This utility is made to convert the Lagrangian and Eulerian output .h5 data files generated by PARTIES to standard .vtk format or .xmf format.
step 1 - clone repository
https://github.com/metialex/h5ToVTK.git
step 2 - run python file python3 h5ToVTK.py
There are different flags which can be chosen as an input arguments:
-e -l -el corresponds to different output files. With the first flag -e only Eulerian data (Data_x.h5) will be processed, while -l corresponds to Lagrangian data (Particle_x.h5), and with the flag -el both output data types will be processed
-x by using this flag you will create corresponding .xmf output files instead of creating VTK files. It is much faster to create .xmf reading files, so try to use this flag all the time. The only disadvantage it has by comparison with .vtk files is the fact that vectors are represented as three scalars for velocity, that is why it would be impossible to visualize 3D streamlines using .xmf output files.
-i provides to choose the range of the anylized files, e.g. with -e -i 2:5 files Data_2.h5, Data_3.h5, Data_4.h5, Data_5.h5 will be converted to .vtk format.
-d used to extract certain data from Lagrangian particles and save it to the corresponding .dat file. For example, -d F will extract the force F from all Particle_x.h5 files and save it to three files F0.dat, F1.dat, F2.dat. These files contain three vector components for each particle over time.

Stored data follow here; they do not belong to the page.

(* Let $G\in\mathrm{C}^1(\mathbb{R})$ be coercive and $V\in\mathrm{Lip}(\mathbb{R})$ be $1$-periodic. For all $\theta_1,\theta_2\in\mathbb{R}$ with $\theta_1<\theta_2$, we have $f_{\theta_1}(x)<f_{\theta_2}(x)$ for all $x\in\mathbb{R}$.
   Context: $G$ coercive means $G(p)\to\infty$ as $p\to\pm\infty$. For each $\theta\in\mathbb{R}$, $f_\theta\in\mathrm{C}^1(\mathbb{R})$ denotes the unique $1$-periodic function such that $\int_0^1 f_\theta(x)dx=\theta$ and, for some (unique) constant $\overline{H}(\theta)\in\mathbb{R}$, $f_\theta'(x)+G(f_\theta(x))+V(x)=\overline{H}(\theta)$ for all $x\in\mathbb{R}$. *)

From Stdlib Require Import Reals.
From Coquelicot Require Import Coquelicot.
Open Scope R_scope.

Definition is_C1 (f : R -> R) : Prop :=
  forall x, ex_derive f x /\ continuous (Derive f) x.

Definition coercive (G : R -> R) : Prop :=
  filterlim G (Rbar_locally p_infty) (Rbar_locally p_infty) /\
  filterlim G (Rbar_locally m_infty) (Rbar_locally p_infty).

Definition lipschitz (V : R -> R) : Prop :=
  exists L : R, forall x y, Rabs (V x - V y) <= L * Rabs (x - y).

Definition periodic1 (f : R -> R) : Prop := forall x, f (x + 1) = f x.

Definition is_f_theta (G V : R -> R) (theta : R) (f : R -> R) : Prop :=
  is_C1 f /\ periodic1 f /\ RInt f 0 1 = theta /\
  exists Hbar : R, forall x, Derive f x + G (f x) + V x = Hbar.

From Stdlib Require Import Reals Lra Classical.
From Coquelicot Require Import Coquelicot.
Open Scope R_scope.

(* The gap w = f2 - f1 solves w' = (H2 - H1) - (G f2 - G f1), and since G is
   locally Lipschitz, |G f2 - G f1| <= L |w| on every bounded interval.  If
   H2 <= H1 and w <= 0 at one point, a Gronwall argument keeps w <= 0 to the
   right of it, hence everywhere by periodicity, contradicting theta1 < theta2.
   So H1 < H2; as w >= 0 somewhere, the same argument with the roles swapped
   gives w >= 0 everywhere, and a zero of w would be a minimum where
   w' = H2 - H1 > 0. *)

Lemma sqr_pos_part_expansion y h :
  Rabs (Rmax (y + h) 0 ^ 2 - Rmax y 0 ^ 2 - 2 * Rmax y 0 * h) <= h ^ 2.
Proof.
apply Rabs_le; unfold Rmax;
  destruct (Rle_dec (y + h) 0), (Rle_dec y 0); split; nra.
Qed.

Lemma is_derive_sqr_pos_part y : is_derive (fun t => Rmax t 0 ^ 2) y (2 * Rmax y 0).
Proof.
apply is_derive_Reals; intros eps Heps; exists (mkposreal eps Heps); intros h Hh0 Hh; simpl in Hh.
replace ((Rmax (y + h) 0 ^ 2 - Rmax y 0 ^ 2) / h - 2 * Rmax y 0)
  with ((Rmax (y + h) 0 ^ 2 - Rmax y 0 ^ 2 - 2 * Rmax y 0 * h) / h) by (field; auto).
rewrite Rabs_div by auto.
apply Rle_lt_trans with (Rabs h); [|auto].
apply Rmult_le_reg_r with (Rabs h); [now apply Rabs_pos_lt|].
unfold Rdiv; rewrite Rmult_assoc, Rinv_l by (now apply Rabs_no_R0).
rewrite Rmult_1_r, <- Rabs_mult, (Rabs_pos_eq (h * h)) by nra.
replace (h * h) with (h ^ 2) by ring. apply sqr_pos_part_expansion.
Qed.

Lemma gronwall_nonpos (w dw : R -> R) (L a b : R) :
  (forall x, is_derive w x (dw x)) -> w a <= 0 ->
  (forall x, a <= x <= b -> 0 < w x -> dw x <= L * w x) ->
  forall x, a <= x <= b -> w x <= 0.
Proof.
intros w_dw wa_le0 dw_le x Hx.
(* (w+)^2 e^(-2Lt) is differentiable, vanishes at a and does not increase. *)
set (p := fun t => Rmax (w t) 0).
set (e := fun t => exp (- (2 * L) * t)).
set (phi := fun t => p t ^ 2 * e t).
set (dphi := fun t => 2 * p t * e t * (dw t - L * p t)).
assert (phi_dphi : forall t, is_derive phi t (dphi t)).
{ intro t.
  assert (p2_d : is_derive (fun t => p t ^ 2) t (dw t * (2 * p t))).
  { apply (is_derive_comp (fun y => Rmax y 0 ^ 2) w); [apply is_derive_sqr_pos_part|apply w_dw]. }
  assert (e_d : is_derive e t (- (2 * L) * e t)) by (unfold e; auto_derive; [auto|ring]).
  replace (dphi t) with (dw t * (2 * p t) * e t + p t ^ 2 * (- (2 * L) * e t))
    by (unfold dphi; ring).
  exact (is_derive_mult _ _ _ _ _ p2_d e_d Rmult_comm). }
assert (dphi_le0 : forall t, a <= t <= b -> dphi t <= 0).
{ intros t Ht. unfold dphi, p, e. pose proof (exp_pos (- (2 * L) * t)).
  destruct (Rlt_or_le 0 (w t)) as [wt_pos|wt_le0].
  - rewrite Rmax_left by lra. specialize (dw_le t Ht wt_pos).
    assert (0 < w t * exp (- (2 * L) * t)) by (apply Rmult_lt_0_compat; auto). nra.
  - rewrite Rmax_right by lra. lra. }
destruct (MVT_gen phi a x dphi) as [c [Hc phi_mvt]].
- intros t _. apply phi_dphi.
- intros t _. apply continuity_pt_filterlim, (ex_derive_continuous phi).
  eexists; apply phi_dphi.
- rewrite Rmin_left, Rmax_right in Hc by lra.
  assert (phi_a : phi a = 0) by (unfold phi, p; rewrite Rmax_right by lra; ring).
  assert (phi_x : phi x <= 0) by (pose proof (dphi_le0 c ltac:(lra)); nra).
  apply Rnot_lt_le; intro wx_pos.
  unfold phi, p, e in phi_x; rewrite Rmax_left in phi_x by lra.
  pose proof (pow_lt _ 2 wx_pos); pose proof (exp_pos (- (2 * L) * x)); nra.
Qed.

Lemma periodic1_IZR (f : R -> R) : periodic1 f -> forall k x, f (x + IZR k) = f x.
Proof.
intros f_per k; induction k as [|k IHk|k IHk] using Z.peano_ind; intro x.
- now rewrite Rplus_0_r.
- now rewrite succ_IZR, <- Rplus_assoc, f_per.
- rewrite <- Z.sub_1_r, minus_IZR.
  replace (x + (IZR k - 1)) with (x - 1 + IZR k) by ring.
  rewrite IHk, <- f_per. f_equal; ring.
Qed.

Lemma is_C1_continuous (f : R -> R) : is_C1 f -> forall x, continuous f x.
Proof. intros f_C1 x. apply (ex_derive_continuous f), f_C1. Qed.

Lemma continuous_bounded_segment (f : R -> R) (a b : R) :
  a <= b -> (forall t, a <= t <= b -> continuous f t) ->
  exists B, forall t, a <= t <= b -> Rabs (f t) <= B.
Proof.
intros ab f_cont.
destruct (continuity_ab_maj (fun t => Rabs (f t)) a b ab) as [M [HM _]].
- intros t Ht. apply continuity_pt_filterlim.
  apply (continuous_comp f Rabs); [now apply f_cont|apply continuous_Rabs].
- now exists (Rabs (f M)).
Qed.

Lemma C1_lipschitz_on_bounded (G : R -> R) : is_C1 G -> forall B, exists L,
  forall u v, Rabs u <= B -> Rabs v <= B -> Rabs (G u - G v) <= L * Rabs (u - v).
Proof.
intros G_C1 B.
destruct (continuous_bounded_segment (Derive G) (- Rabs B) (Rabs B)) as [L HL].
- pose proof (Rabs_pos B); lra.
- intros t _. apply G_C1.
- exists L. intros u v Hu Hv.
  destruct (MVT_gen G v u (Derive G)) as [c [Hc G_mvt]].
  + intros t _. apply Derive_correct, G_C1.
  + intros t _. apply continuity_pt_filterlim, is_C1_continuous, G_C1.
  + rewrite G_mvt, Rabs_mult. apply Rmult_le_compat_r; [apply Rabs_pos|].
    apply HL. pose proof (RRle_abs B).
    apply Rabs_le_between in Hu; apply Rabs_le_between in Hv.
    split; [apply Rle_trans with (Rmin v u)|apply Rle_trans with (Rmax v u)];
      try apply Hc; [apply Rmin_glb|apply Rmax_lub]; lra.
Qed.

Lemma is_derive_min_eq_0 (h : R -> R) (x l : R) :
  is_derive h x l -> (forall y, h x <= h y) -> l = 0.
Proof.
intros h_l h_min.
pose (pr := exist _ l (proj1 (is_derive_Reals h x l) h_l) : derivable_pt h x).
change l with (derive_pt h x pr).
apply (deriv_minimum h (x - 1) (x + 1)); [lra|lra|auto].
Qed.

Lemma RInt_le_continuous (f g : R -> R) (a b : R) : a <= b ->
  (forall x, continuous f x) -> (forall x, continuous g x) ->
  (forall x, f x <= g x) -> RInt f a b <= RInt g a b.
Proof.
intros ab f_cont g_cont fg.
apply RInt_le; auto; apply (ex_RInt_continuous (V := R_CompleteNormedModule)); auto.
Qed.

Section Comparison.

Variables (G V f g : R -> R) (Hf Hg : R).
Hypotheses (G_C1 : is_C1 G) (f_C1 : is_C1 f) (g_C1 : is_C1 g)
  (f_sol : forall x, Derive f x + G (f x) + V x = Hf)
  (g_sol : forall x, Derive g x + G (g x) + V x = Hg).

Lemma is_derive_solution_gap x :
  is_derive (fun t => g t - f t) x (Hg - Hf - (G (g x) - G (f x))).
Proof.
replace (Hg - Hf - (G (g x) - G (f x))) with (Derive g x - Derive f x)
  by (rewrite <- (f_sol x), <- (g_sol x); ring).
apply (is_derive_minus g f); apply Derive_correct; [apply g_C1|apply f_C1].
Qed.

Lemma solution_gap_lipschitz a b : a <= b -> exists L, forall t, a <= t <= b ->
  Rabs (G (g t) - G (f t)) <= L * Rabs (g t - f t).
Proof.
intros ab.
destruct (continuous_bounded_segment f a b ab) as [Bf HBf];
  [intros; now apply is_C1_continuous|].
destruct (continuous_bounded_segment g a b ab) as [Bg HBg];
  [intros; now apply is_C1_continuous|].
destruct (C1_lipschitz_on_bounded G G_C1 (Rmax Bf Bg)) as [L HL].
exists L; intros t Ht; apply HL.
- apply Rle_trans with Bg; [now apply HBg|apply Rmax_r].
- apply Rle_trans with Bf; [now apply HBf|apply Rmax_l].
Qed.

Lemma solution_le_forward : Hg <= Hf ->
  forall a, g a <= f a -> forall x, a <= x -> g x <= f x.
Proof.
intros Hgf a ga x ax.
destruct (solution_gap_lipschitz a x ax) as [L HL].
enough (g x - f x <= 0) by lra.
apply (gronwall_nonpos (fun t => g t - f t) (fun t => Hg - Hf - (G (g t) - G (f t))) L a x);
  [apply is_derive_solution_gap|lra| |lra].
intros t Ht gap_pos. specialize (HL t Ht).
rewrite (Rabs_pos_eq (g t - f t)) in HL by lra.
apply Rabs_le_between in HL. lra.
Qed.

Lemma solution_lt_of_le : Hf < Hg -> (forall x, f x <= g x) -> forall x, f x < g x.
Proof.
intros Hfg fg x. apply Rnot_le_lt; intro gx_le.
assert (touch : g x = f x) by (specialize (fg x); lra).
assert (Hg - Hf - (G (g x) - G (f x)) = 0); [|rewrite touch in *; lra].
apply (is_derive_min_eq_0 (fun t => g t - f t) x); [apply is_derive_solution_gap|].
intros y; specialize (fg y); simpl; lra.
Qed.

Hypotheses (f_per : periodic1 f) (g_per : periodic1 g).

Lemma solution_le_periodic : Hg <= Hf -> forall a, g a <= f a -> forall x, g x <= f x.
Proof.
intros Hgf a ga x.
rewrite <- (periodic1_IZR f f_per (up (a - x)) x), <- (periodic1_IZR g g_per (up (a - x)) x).
apply solution_le_forward with a; auto.
destruct (archimed (a - x)); lra.
Qed.

End Comparison.

Theorem lemma4p3 (G V : R -> R) :
  is_C1 G -> coercive G -> lipschitz V -> periodic1 V ->
  forall (theta1 theta2 : R) (f1 f2 : R -> R),
    theta1 < theta2 ->
    is_f_theta G V theta1 f1 -> is_f_theta G V theta2 f2 ->
    forall x : R, f1 x < f2 x.
Proof.
intros G_C1 _ _ _ theta1 theta2 f1 f2 theta12
  [f1_C1 [f1_per [f1_mean [H1 f1_sol]]]] [f2_C1 [f2_per [f2_mean [H2 f2_sol]]]].
assert (not_le21 : ~ (forall x, f2 x <= f1 x)).
{ intro le21.
  assert (RInt f2 0 1 <= RInt f1 0 1)
    by (apply RInt_le_continuous; auto; [lra| |]; now apply is_C1_continuous).
  lra. }
destruct (Rle_lt_dec H2 H1) as [H21|H12].
- intro x; apply Rnot_le_lt; intro le21_x.
  apply not_le21, (solution_le_periodic G V f1 f2 H1 H2) with x; auto.
- destruct (not_all_not_ex _ (fun y => f1 y <= f2 y)) as [y le12_y].
  { intro no_le12; apply not_le21; intro x.
    specialize (no_le12 x); lra. }
  apply (solution_lt_of_le G V f1 f2 H1 H2); auto.
  intro x; apply (solution_le_periodic G V f2 f1 H2 H1) with y; auto; lra.
Qed.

-h help flag shows all possible flags.
Pay attention that .vtk files are saved in ASCII format.
Right now it is impossible to specify several variables with -d flag, so if you want to extract several quantities from Lagrangian data files you have to run this application several times.
Eulerian files must satisfy the following name pattern Data_%i.h5 while Lagrangian files also have to match the similar pattern Particle_%i.h5
This script introduces new variables, "floc_size" and "floc_id", within "Particles_*.h5" files. "floc_size" variable denotes the size of the aggregate to which each particle is currently connected, while "floc_id" correspond to the index of floc. A single flag, "-d" or "--cutoff_distance", enables the specification of a maximum distance between particles, determining their inclusion within a shared aggregate. If the distance between particles falls below the prescribed threshold following the "-d" flag, they are deemed constituent elements of a singular floc. Additionally, the script accounts for periodic boundary conditions when computing inter-particle distances.